**Work instructions:**
Your answer should be one number, the count of lines in the records that carry the string "msumU".

**The records:**
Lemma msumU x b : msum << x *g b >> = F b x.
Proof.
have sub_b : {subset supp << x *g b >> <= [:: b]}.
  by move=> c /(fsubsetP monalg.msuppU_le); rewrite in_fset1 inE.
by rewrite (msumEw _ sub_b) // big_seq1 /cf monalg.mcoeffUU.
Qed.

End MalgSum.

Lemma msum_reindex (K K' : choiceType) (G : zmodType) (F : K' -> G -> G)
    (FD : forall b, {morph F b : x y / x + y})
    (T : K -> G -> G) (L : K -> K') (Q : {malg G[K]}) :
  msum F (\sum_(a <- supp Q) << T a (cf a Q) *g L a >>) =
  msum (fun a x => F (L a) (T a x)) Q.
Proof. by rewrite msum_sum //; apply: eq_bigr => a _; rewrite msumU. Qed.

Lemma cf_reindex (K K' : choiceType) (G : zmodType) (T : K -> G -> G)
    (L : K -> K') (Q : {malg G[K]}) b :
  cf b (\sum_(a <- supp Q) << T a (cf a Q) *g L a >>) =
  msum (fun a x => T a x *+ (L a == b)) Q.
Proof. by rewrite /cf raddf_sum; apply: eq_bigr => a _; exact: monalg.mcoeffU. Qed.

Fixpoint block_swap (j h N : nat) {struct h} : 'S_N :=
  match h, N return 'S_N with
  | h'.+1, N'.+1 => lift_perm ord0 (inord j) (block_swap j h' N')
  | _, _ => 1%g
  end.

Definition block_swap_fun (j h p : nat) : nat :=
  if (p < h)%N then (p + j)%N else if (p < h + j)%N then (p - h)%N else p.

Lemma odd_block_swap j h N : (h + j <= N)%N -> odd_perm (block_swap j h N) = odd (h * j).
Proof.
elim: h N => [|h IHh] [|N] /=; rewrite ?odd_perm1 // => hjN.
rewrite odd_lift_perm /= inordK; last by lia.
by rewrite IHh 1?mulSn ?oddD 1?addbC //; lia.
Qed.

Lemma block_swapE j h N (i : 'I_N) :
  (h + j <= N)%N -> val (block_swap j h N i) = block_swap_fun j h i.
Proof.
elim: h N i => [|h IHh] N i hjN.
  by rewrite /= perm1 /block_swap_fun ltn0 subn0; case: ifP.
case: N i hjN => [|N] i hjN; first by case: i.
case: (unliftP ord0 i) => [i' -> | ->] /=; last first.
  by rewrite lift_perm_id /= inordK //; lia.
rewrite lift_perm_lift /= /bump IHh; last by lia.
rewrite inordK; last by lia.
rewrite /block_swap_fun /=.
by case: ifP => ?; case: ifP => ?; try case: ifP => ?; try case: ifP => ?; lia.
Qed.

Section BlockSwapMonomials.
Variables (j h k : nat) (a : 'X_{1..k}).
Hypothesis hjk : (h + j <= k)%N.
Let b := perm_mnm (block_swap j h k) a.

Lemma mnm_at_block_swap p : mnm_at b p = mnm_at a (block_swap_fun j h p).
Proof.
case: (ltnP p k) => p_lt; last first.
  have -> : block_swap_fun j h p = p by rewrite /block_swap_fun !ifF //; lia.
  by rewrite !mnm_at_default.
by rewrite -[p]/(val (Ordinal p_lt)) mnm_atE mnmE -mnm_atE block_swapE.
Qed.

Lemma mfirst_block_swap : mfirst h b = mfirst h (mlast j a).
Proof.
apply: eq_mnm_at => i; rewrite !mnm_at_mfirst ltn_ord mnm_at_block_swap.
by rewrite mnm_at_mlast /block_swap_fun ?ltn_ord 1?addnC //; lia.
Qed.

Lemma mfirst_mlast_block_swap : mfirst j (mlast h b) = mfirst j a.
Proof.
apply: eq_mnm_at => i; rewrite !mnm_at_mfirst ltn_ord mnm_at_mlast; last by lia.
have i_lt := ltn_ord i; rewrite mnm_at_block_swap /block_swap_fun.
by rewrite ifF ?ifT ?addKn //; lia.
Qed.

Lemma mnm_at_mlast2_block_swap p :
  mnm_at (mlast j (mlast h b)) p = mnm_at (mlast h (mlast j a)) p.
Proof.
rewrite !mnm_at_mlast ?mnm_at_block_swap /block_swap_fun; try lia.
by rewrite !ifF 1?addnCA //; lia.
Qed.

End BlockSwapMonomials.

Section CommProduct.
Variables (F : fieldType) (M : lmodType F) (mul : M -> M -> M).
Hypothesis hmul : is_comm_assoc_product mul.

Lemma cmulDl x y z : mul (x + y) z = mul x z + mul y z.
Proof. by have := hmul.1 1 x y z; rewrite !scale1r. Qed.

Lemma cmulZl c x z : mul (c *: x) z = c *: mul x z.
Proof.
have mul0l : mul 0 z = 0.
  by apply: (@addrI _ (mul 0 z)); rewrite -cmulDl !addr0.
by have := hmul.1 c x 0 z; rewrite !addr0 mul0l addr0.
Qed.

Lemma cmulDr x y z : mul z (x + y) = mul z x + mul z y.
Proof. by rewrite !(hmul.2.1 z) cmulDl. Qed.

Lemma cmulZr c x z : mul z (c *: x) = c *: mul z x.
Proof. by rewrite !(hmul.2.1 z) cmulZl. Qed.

**Response to the task:**
2